TASK BRIEF →
Return every line below in which "hphit" appears.

· · · · ·

Lemma P_X_ge_geometric :
  binom_term n m phi * (t * (1 - phi) / (t - phi)) * exp (- ((1 - t) * phi / (INR n * (t - phi) ^ 2)))
  <= P_X n m phi.
Proof.
  pose proof (lt_0_INR n ltac:(lia)).
  set (a := INR m - INR (n - m) * phi / (1 - phi)).
  set (b := INR (n - m) * phi / (2 * (1 - phi) ^ 2)).
  assert (Ha : a = INR n * (t - phi) / (1 - phi)).
  { unfold a. rewrite INR_sub_threshold, <- hnt. field. lra. }
  assert (Hapos : 0 < a) by (rewrite Ha; apply Rdiv_lt_0_compat; nra).
  pose proof (binom_tail_ge n m phi a b threshold_ge1 threshold_lt ltac:(lra) eq_refl eq_refl Hapos) as Hlow.
  replace (INR m / a) with (t * (1 - phi) / (t - phi)) in Hlow
    by (rewrite Ha, <- hnt; field; repeat split; nra).
  replace (2 * b / a ^ 2) with ((1 - t) * phi / (INR n * (t - phi) ^ 2)) in Hlow
    by (rewrite Ha; unfold b; rewrite INR_sub_threshold; field; repeat split; nra).
  exact Hlow.
Qed.

Lemma ln_geometric_bound_eq :
  ln (binom_term n m phi) + ln (t * (1 - phi) / (t - phi))
  = stirling_rem n - stirling_rem m - stirling_rem (n - m) + / 2 * ln (2 * PI)
    - (- ln (P_CH n t phi) + / 2 * ln (INR n)
       - ln ((1 - phi) / (t - phi) * sqrt (t / (2 * PI * (1 - t))))).
Proof.
  pose proof (lt_0_INR n ltac:(lia)). pose proof PI_RGT_0.
  pose proof (INR_fact_lt_0 n). pose proof (INR_fact_lt_0 m). pose proof (INR_fact_lt_0 (n - m)).
  assert (Hm : 0 < INR m) by (rewrite <- hnt; nra).
  assert (Hnm : 0 < INR (n - m)) by (rewrite INR_sub_threshold; nra).
  assert (Hln_term : ln (binom_term n m phi)
    = ln (INR (fact n)) - ln (INR (fact m)) - ln (INR (fact (n - m)))
      + INR m * ln phi + INR (n - m) * ln (1 - phi)).
  { pose proof (binom_C_pos n m).
    assert (0 < phi ^ m) by (apply pow_lt; lra).
    assert (0 < (1 - phi) ^ (n - m)) by (apply pow_lt; lra).
    unfold binom_term. rewrite !ln_mult, !ln_pow by (repeat (assumption || apply Rmult_lt_0_compat); lra).
    unfold Binomial.C. rewrite ln_div, ln_mult by (try apply Rmult_lt_0_compat; assumption).
    ring. }
  assert (Hln_CH : ln (P_CH n t phi)
    = INR m * (ln phi - ln t) + INR (n - m) * (ln (1 - phi) - ln (1 - t))).
  { unfold P_CH. destruct (Rle_dec phi t) as [_ |]; [| lra]. unfold Rpower.
    rewrite ln_mult, !ln_exp, !ln_div by (apply exp_pos || lra).
    rewrite hnt, INR_sub_threshold. ring. }
  assert (Hln_const : ln ((1 - phi) / (t - phi) * sqrt (t / (2 * PI * (1 - t))))
    = ln (1 - phi) - ln (t - phi) + / 2 * (ln t - ln (2 * PI) - ln (1 - t))).
  { rewrite ln_mult, ln_sqrt, !ln_div, ln_mult
      by (try apply sqrt_lt_R0; try apply Rdiv_lt_0_compat; try apply Rmult_lt_0_compat; lra).
    field. }
  unfold stirling_rem.
  rewrite Hln_term, Hln_CH, Hln_const, ln_div, ln_mult by (try apply Rmult_lt_0_compat; lra).
  replace (ln (INR m)) with (ln (INR n) + ln t) by (rewrite <- hnt, ln_mult; lra).
  replace (ln (INR (n - m))) with (ln (INR n) + ln (1 - t))
    by (rewrite INR_sub_threshold, ln_mult; lra).
  rewrite INR_sub_threshold, <- hnt. field.
Qed.

Lemma ln_P_X_bounds :
  ln (binom_term n m phi) + ln (t * (1 - phi) / (t - phi)) - (1 - t) * phi / (INR n * (t - phi) ^ 2)
  <= ln (P_X n m phi) <= ln (binom_term n m phi) + ln (t * (1 - phi) / (t - phi)).
Proof.
  pose proof (lt_0_INR n ltac:(lia)).
  set (c := (1 - t) * phi / (INR n * (t - phi) ^ 2)).
  assert (Hb : 0 < binom_term n m phi) by (apply binom_term_pos; lra).
  assert (Hr : 0 < t * (1 - phi) / (t - phi)) by (apply Rdiv_lt_0_compat; nra).
  assert (Hlow : 0 < binom_term n m phi * (t * (1 - phi) / (t - phi)) * exp (- c))
    by (pose proof (exp_pos (- c)); apply Rmult_lt_0_compat; [apply Rmult_lt_0_compat |]; assumption).
  pose proof P_X_ge_geometric as Hge. fold c in Hge. pose proof P_X_le_geometric.
  rewrite <- ln_mult by assumption.
  split.
  - apply Rle_trans with (ln (binom_term n m phi * (t * (1 - phi) / (t - phi)) * exp (- c))).
    + rewrite (ln_mult _ (exp (- c))), ln_exp by (apply exp_pos || nra). lra.
    + apply ln_le; assumption.
  - apply ln_le; [lra | assumption].
Qed.

Lemma stirling_rem_combination_bounds :
  - (1 / (12 * INR n * t * (1 - t)))
  <= stirling_rem n - stirling_rem m - stirling_rem (n - m) + / 2 * ln (2 * PI)
  <= 1 / (12 * INR n).
Proof.
  pose proof threshold_ge1. pose proof threshold_lt. pose proof (lt_0_INR n ltac:(lia)).
  pose proof (stirling_rem_ge n hn). pose proof (stirling_rem_le n hn).
  pose proof (stirling_rem_ge m ltac:(assumption)). pose proof (stirling_rem_le m ltac:(assumption)).
  pose proof (stirling_rem_ge (n - m) ltac:(lia)). pose proof (stirling_rem_le (n - m) ltac:(lia)).
  assert (1 / (12 * INR m) + 1 / (12 * INR (n - m)) = 1 / (12 * INR n * t * (1 - t)))
    by (rewrite INR_sub_threshold, <- hnt; field; repeat split; nra).
  lra.
Qed.

End TailAtThreshold.

Theorem mainTheorem9 (n m : nat) (phi t : R)
  (hn : (1 <= n)%nat) (hphi : 0 < phi) (hphit : phi < t) (ht1 : t < 1)
  (hnt : INR n * t = INR m) :
  let base := - ln (P_CH n t phi) + / 2 * ln (INR n)
              - ln ((1 - phi) / (t - phi) * sqrt (t / (2 * PI * (1 - t)))) in
  base - lE n t phi / (INR n * (t - phi)) <= - ln (P_X n m phi) <=
  base + (phi * (1 - phi) / ((t - phi) ^ 2 * INR n) + 1 / (12 * INR n * t * (1 - t))).
Proof.
  intros base.
  pose proof (ln_P_X_bounds n m phi t hn hphi hphit ht1 hnt) as HPX.
  pose proof (ln_geometric_bound_eq n m phi t hn hphi hphit ht1 hnt) as Hbase. fold base in Hbase.
  pose proof (stirling_rem_combination_bounds n m phi t hn hphi hphit ht1 hnt).
  pose proof (lE_ge n t phi hn hphi hphit ht1).
  assert ((1 - t) * phi / (INR n * (t - phi) ^ 2) <= phi * (1 - phi) / ((t - phi) ^ 2 * INR n)).
  { pose proof (lt_0_INR n ltac:(lia)).
    rewrite (Rmult_comm ((t - phi) ^ 2)). unfold Rdiv.
    apply Rmult_le_compat_r; [apply Rlt_le, Rinv_0_lt_compat, Rmult_lt_0_compat, pow_lt | ]; nra. }
  lra.
Qed.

· · · · ·

RESULT BELOW →
  (hn : (1 <= n)%nat) (hphi : 0 < phi) (hphit : phi < t) (ht1 : t < 1)
  pose proof (ln_P_X_bounds n m phi t hn hphi hphit ht1 hnt) as HPX.
  pose proof (ln_geometric_bound_eq n m phi t hn hphi hphit ht1 hnt) as Hbase. fold base in Hbase.
  pose proof (stirling_rem_combination_bounds n m phi t hn hphi hphit ht1 hnt).
  pose proof (lE_ge n t phi hn hphi hphit ht1).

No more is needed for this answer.